4. The method as claimed in claim 3, wherein the step of finding out the potential feature targets is to use a 20ms window to move along the lung sound signal, and then find out all the potential feature targets according to the comparison between the time domain feature values and the frequency domain feature values in the calculated intelligent threshold and the time domain feature values and the frequency domain feature values in the constructed normal physiological sound database.

5. The method of claim 1, wherein the method is used for identification and diagnosis of wheezes.

6. The method as claimed in claim 5, wherein the band-pass filtering is performed by using a hamming window to perform the band-pass filtering on the physiological sound, and the intelligent threshold is calculated by using an average value of signals decomposed into a plurality of different frequencies and corresponding correction coefficients.

7. The method as claimed in claim 6, wherein the step of finding out the potential feature target is performed by comparing all peaks of the band-pass filtered signal with a calculated intelligent threshold, and if the peak is greater than the calculated intelligent threshold, the signal within a predetermined length centered on the peak is used as the potential feature target, and further, if the peak is less than the calculated intelligent threshold, the signal is determined as the non-feature target.

8. The method as claimed in claim 7, wherein the predetermined length is 300 ms.

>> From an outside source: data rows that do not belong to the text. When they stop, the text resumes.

(* Let $M$ be a matroid on ground set $E$ that is $k$-nearly finitary for some integer $k$. Let $S(M)=\{F^*\cup B: F^*\text{ is a base of }(M^{\mathrm{fin}})^*,\ B\text{ is a base of }M,\ F^*\cap B=\emptyset\}$ and let $S(M)_{\min}$ be the set of inclusion-minimal elements of $S(M)$. Then $S(M)_{\min}$ is non-empty.
   Context: Matroids (possibly infinite): $\emptyset$ independent; subsets of independent sets independent; if $B$ is maximal independent and $A$ non-maximal independent, then $A\cup\{b\}$ is independent for some $b\in B\setminus A$; for independent $A\subseteq X\subseteq E$ there is a maximal independent $S$ with $A\subseteq S\subseteq X$. Bases are maximal independent sets. The dual $N^*$ has as bases the complements $E\setminus B$ of bases $B$ of $N$. The finitarization $M^{\mathrm{fin}}$ has as independent sets those sets all of whose finite subsets are independent in $M$. $M$ is $k$-nearly finitary if $|F\setminus B|\le k$ whenever a base $F$ of $M^{\mathrm{fin}}$ contains a base $B$ of $M$. *)

From Stdlib Require Import List.

Section MatroidDefs.
Variable E : Type.

Definition subset (A B : E -> Prop) : Prop := forall x, A x -> B x.
Definition setU (A B : E -> Prop) : E -> Prop := fun x => A x \/ B x.
Definition set1 (b : E) : E -> Prop := fun x => x = b.
Definition disjoint (A B : E -> Prop) : Prop := forall x, A x -> B x -> False.
Definition set_eq (A B : E -> Prop) : Prop := forall x, A x <-> B x.

Definition finite_set (A : E -> Prop) : Prop :=
  exists l : list E, forall x, A x -> In x l.

Definition card_le (A : E -> Prop) (k : nat) : Prop :=
  exists l : list E, length l <= k /\ forall x, A x -> In x l.

Definition indep_system := (E -> Prop) -> Prop.

Definition base (I : indep_system) (B : E -> Prop) : Prop :=
  I B /\ forall B', I B' -> subset B B' -> subset B' B.

Definition max_indep_in (I : indep_system) (X S : E -> Prop) : Prop :=
  I S /\ subset S X /\ forall S', I S' -> subset S S' -> subset S' X -> subset S' S.

(* Matroid axioms (possibly infinite), ground set = the whole type E *)
Definition is_matroid (I : indep_system) : Prop :=
  I (fun _ => False) /\
  (forall A B, I B -> subset A B -> I A) /\
  (forall A B, I A -> ~ base I A -> base I B ->
     exists b, B b /\ ~ A b /\ I (setU A (set1 b))) /\
  (forall A X, I A -> subset A X ->
     exists S, subset A S /\ max_indep_in I X S).

(* dual: its bases are the complements of the bases of N *)
Definition dual (I : indep_system) : indep_system :=
  fun A => exists B, base I B /\ disjoint A B.

Definition finitarization (I : indep_system) : indep_system :=
  fun A => forall F, finite_set F -> subset F A -> I F.

Definition nearly_finitary (k : nat) (I : indep_system) : Prop :=
  forall F B, base (finitarization I) F -> base I B -> subset B F ->
    card_le (fun x => F x /\ ~ B x) k.

Definition SM (I : indep_system) (X : E -> Prop) : Prop :=
  exists Fs B, base (dual (finitarization I)) Fs /\ base I B /\
    disjoint Fs B /\ set_eq X (setU Fs B).

Definition SM_min (I : indep_system) (X : E -> Prop) : Prop :=
  SM I X /\ forall Y, SM I Y -> subset Y X -> subset X Y.

End MatroidDefs.

(** Elements of S(M) correspond to pairs F ⊇ B of a base F of M^fin and a
    base B of M, via X = (E \ F) ∪ B, whose complement is the gap F \ B.
    Such pairs exist: a base of M is independent in M^fin and extends to a
    base of M^fin by Zorn's lemma, since M^fin is finitary.  As M is
    k-nearly finitary every gap has at most k elements, so some pair has a
    gap of maximal size; its set X is inclusion-minimal, because any smaller
    element of S(M) would have a strictly larger gap. *)

From Stdlib Require Import List.
From mathcomp Require Import ssreflect ssrfun ssrbool eqtype ssrnat.
From mathcomp Require Import boolp classical_sets.

Local Open Scope classical_set_scope.

Section FiniteSets.
Context {T : Type}.

Definition card_ge (A : set T) (n : nat) : Prop :=
  exists l : list T, NoDup l /\ length l = n /\ forall x, In x l -> A x.

Lemma card_ge0 (A : set T) : card_ge A 0.
Proof. by exists nil; split; [constructor | split]. Qed.

Lemma card_geS {A A' : set T} {n : nat} {x : T} :
  card_ge A n -> A `<=` A' -> A' x -> ~ A x -> card_ge A' n.+1.
Proof.
move=> [l [ndl [<- lA]]] AA' A'x nAx.
exists (x :: l); split; last split => //.
- by constructor => // /lA.
- by move=> y [<- | /lA /AA'].
Qed.

Lemma card_ge_le {A : set T} {n k : nat} :
  card_ge A n -> card_le T A k -> n <= k.
Proof.
move=> [l [ndl [<- lA]]] [l' [/leP len_l' Al']].
apply: leq_trans len_l'; apply/leP.
by apply: NoDup_incl_length => // x /lA /Al'.
Qed.

Lemma chain_finite_cover {A : set T} {C : set (set T)} {F : set T} :
  total_on C classical_sets.subset -> finite_set T F ->
  F `<=` A `|` \bigcup_(X in C) X ->
  F `<=` A \/ exists2 Y, C Y & F `<=` A `|` Y.
Proof.
move=> Ctot [l]; elim: l F => [|a l IH] F Fl FAC; first by left=> x /Fl.
pose F' := [set x | F x /\ x <> a].
have F'l x : F' x -> In x l by move=> [/Fl [-> | //]].
have F'AC : F' `<=` A `|` \bigcup_(X in C) X by move=> x [/FAC].
have FF' : F `<=` F' `|` [set a].
  by move=> x Fx; have [-> | ] := pselect (x = a); [right | left].
have [[Fa nAa] | aA] := pselect (F a /\ ~ A a).
- have [X CX Xa] : exists2 X, C X & X a.
    by case: (FAC a Fa) => // -[X]; exists X.
  right; have [F'A | [Y CY F'AY]] := IH F' F'l F'AC.
    by exists X => // x /FF' [/F'A | ->]; [left | right].
  have [XY | YX] := Ctot X Y CX CY.
    by exists Y => // x /FF' [/F'AY | ->]; [| right; apply: XY].
  by exists X => // x /FF' [/F'AY [| /YX] | ->]; [left | right | right].
- have FF'A : F `<=` F' `|` A.
    move=> x Fx; case: (FF' x Fx) => [|xa]; [left | right] => //.
    by rewrite xa in Fx *; apply: contrapT => nAa; apply: aA.
  have [F'A | [Y CY F'AY]] := IH F' F'l F'AC; [left | right; exists Y] => //.
    by move=> x /FF'A [/F'A |].
  by move=> x /FF'A [/F'AY | ]; [| left].
Qed.

End FiniteSets.

Section Duality.
Context {E : Type} (J : indep_system E).

Lemma base_dual_compl (F : set E) : base E J F -> base E (dual E J) (~` F).
Proof.
move=> bF; split; first by exists F; split=> // x nFx.
case: bF => JF maxF.
move=> Fs [F' [[JF' maxF'] dF']] FFs x Fsx Fx.
have F'F : F' `<=` F.
  by move=> y F'y; apply: contrapT => nFy; exact: dF' y (FFs y nFy) F'y.
by apply: (dF' x Fsx); apply: (maxF' F).
Qed.

Lemma dual_base_compl (Fs : set E) :
  base E (dual E J) Fs -> exists2 F, base E J F & Fs = ~` F.
Proof.
move=> [[F [bF dF]] maxFs]; exists F => //.
apply/seteqP; split; first by move=> x Fsx Fx; apply: (dF x).
apply: maxFs; first by exists F; split=> // x nFx.
by move=> x Fsx Fx; apply: (dF x).
Qed.

End Duality.

Section NearlyFinitary.
Context {E : Type} (I : indep_system E).

Local Notation finI := (finitarization E I).

Lemma finitarization_base_ext (A : set E) :
  finI A -> exists2 F, base E finI F & A `<=` F.
Proof.
move=> IA.
(* Zorn on the sets S with A ∪ S independent, rather than on the independent
   supersets of A, so that the empty chain needs no separate treatment. *)
have chain_ub (C : set (set E)) : C `<=` (fun S => finI (A `|` S)) ->
    total_on C classical_sets.subset -> finI (A `|` \bigcup_(X in C) X).
  move=> CP Ctot F Ffin FAC.
  have [FA | [Y CY FAY]] := chain_finite_cover Ctot Ffin FAC; first exact: IA.
  exact: CP Y CY F Ffin FAY.
have [S [IAS maxS]] := Zorn_bigcup chain_ub.
exists (A `|` S); last by move=> x; left.
split=> // F IF ASF x Fx; apply: contrapT => nASx.
apply: (maxS F).
- split; first by move=> y Sy; apply: ASF; right.
  by move=> FS; apply: nASx; right; apply: FS.
- by move=> G Gfin GAF; apply: IF => // y /GAF [Ay | //]; apply: ASF; left.
Qed.

Definition nested_bases (F B : set E) : Prop :=
  base E finI F /\ base E I B /\ B `<=` F.

Lemma nested_bases_exist : is_matroid E I -> exists F B, nested_bases F B.
Proof.
move=> [I0 [Idown [_ Iext]]].
have [B [_ [IB [_ maxB]]]] := Iext set0 setT I0 (fun _ => False_ind _).
have bB : base E I B by split=> // B' IB' BB'; apply: maxB.
have [F bF BF] := finitarization_base_ext B (fun G _ GB => Idown G B IB GB).
by exists F, B.
Qed.

Lemma SM_nested (F B : set E) : nested_bases F B -> SM E I (~` F `|` B).
Proof.
move=> [bF [bB BF]]; exists (~` F), B.
split; first exact: base_dual_compl.
by do 2 split=> //; move=> x nFx /BF.
Qed.

Lemma SM_nestedP (X : set E) :
  SM E I X -> exists F B, nested_bases F B /\ ~` X `<=` F `\` B.
Proof.
move=> [Fs [B [/dual_base_compl [F bF ->] [bB [dFB XFB]]]]].
exists F, B; split.
  by do 2 split=> //; move=> x Bx; apply: contrapT => nFx; apply: (dFB x).
move=> x nXx; split.
- by apply: contrapT => nFx; apply: nXx; apply/(XFB x); left.
- by move=> Bx; apply: nXx; apply/(XFB x); right.
Qed.

Definition gap_ge (n : nat) : Prop :=
  exists F B, nested_bases F B /\ card_ge (F `\` B) n.

Lemma gap_ge_bounded (k n : nat) : nearly_finitary E k I -> gap_ge n -> n <= k.
Proof.
move=> nf [F [B [[bF [bB BF]] gapFB]]].
exact: card_ge_le gapFB (nf F B bF bB BF).
Qed.

Lemma gap_ge_SM_proper {F B Y : set E} {n : nat} :
  card_ge (F `\` B) n -> SM E I Y -> Y `<` ~` F `|` B -> gap_ge n.+1.
Proof.
move=> gapFB /SM_nestedP [FY [BY [FYBY YFB]]] [YX XnY].
have [x Xx nYx] : exists2 x, (~` F `|` B) x & ~ Y x.
  apply: contrapT => nx; apply: XnY => x Xx.
  by apply: contrapT => nYx; apply: nx; exists x.
have FB_nX : F `\` B `<=` ~` (~` F `|` B) by move=> y [Fy nBy] [].
exists FY, BY; split => //.
apply: (card_geS gapFB) (YFB x nYx) _ => [y /FB_nX nXy | /FB_nX //].
by apply: YFB => /YX.
Qed.

End NearlyFinitary.

Theorem theorem3p4p4 (E : Type) (I : indep_system E) (k : nat) :
  is_matroid E I -> nearly_finitary E k I ->
  exists X : E -> Prop, SM_min E I X.
Proof.
move=> M nf.
have [F0 [B0 FB0]] := nested_bases_exist I M.
have gap0 : exists n, `[< gap_ge I n >].
  by exists 0; apply/asboolP; exists F0, B0; split; last exact: card_ge0.
have gap_ub n : `[< gap_ge I n >] -> n <= k.
  by move/asboolP; apply: gap_ge_bounded.
case: (ex_maxnP gap0 gap_ub) => n /asboolP [F [B [FB gapFB]]] max_n.
exists (~` F `|` B); split; first exact: SM_nested.
move=> Y SY YX; apply: contrapT => XnY.
have /asboolP /max_n := gap_ge_SM_proper I gapFB SY (conj YX XnY).
by rewrite ltnn.
Qed.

9. An automatic labeling method for physiological sounds, which is characterized in that the method comprises the steps of preprocessing the physiological sounds according to the preprocessing method of the physiological sounds of any one of claims 1 to 8, and then labeling the physiological sounds by matching manual labeling with machine labeling.

10. The method of claim 9, wherein the calculating the intelligent threshold in the method of pre-processing the physiological sounds further comprises decomposing the energy characteristic value and the variance characteristic value into a plurality of signals of different frequencies.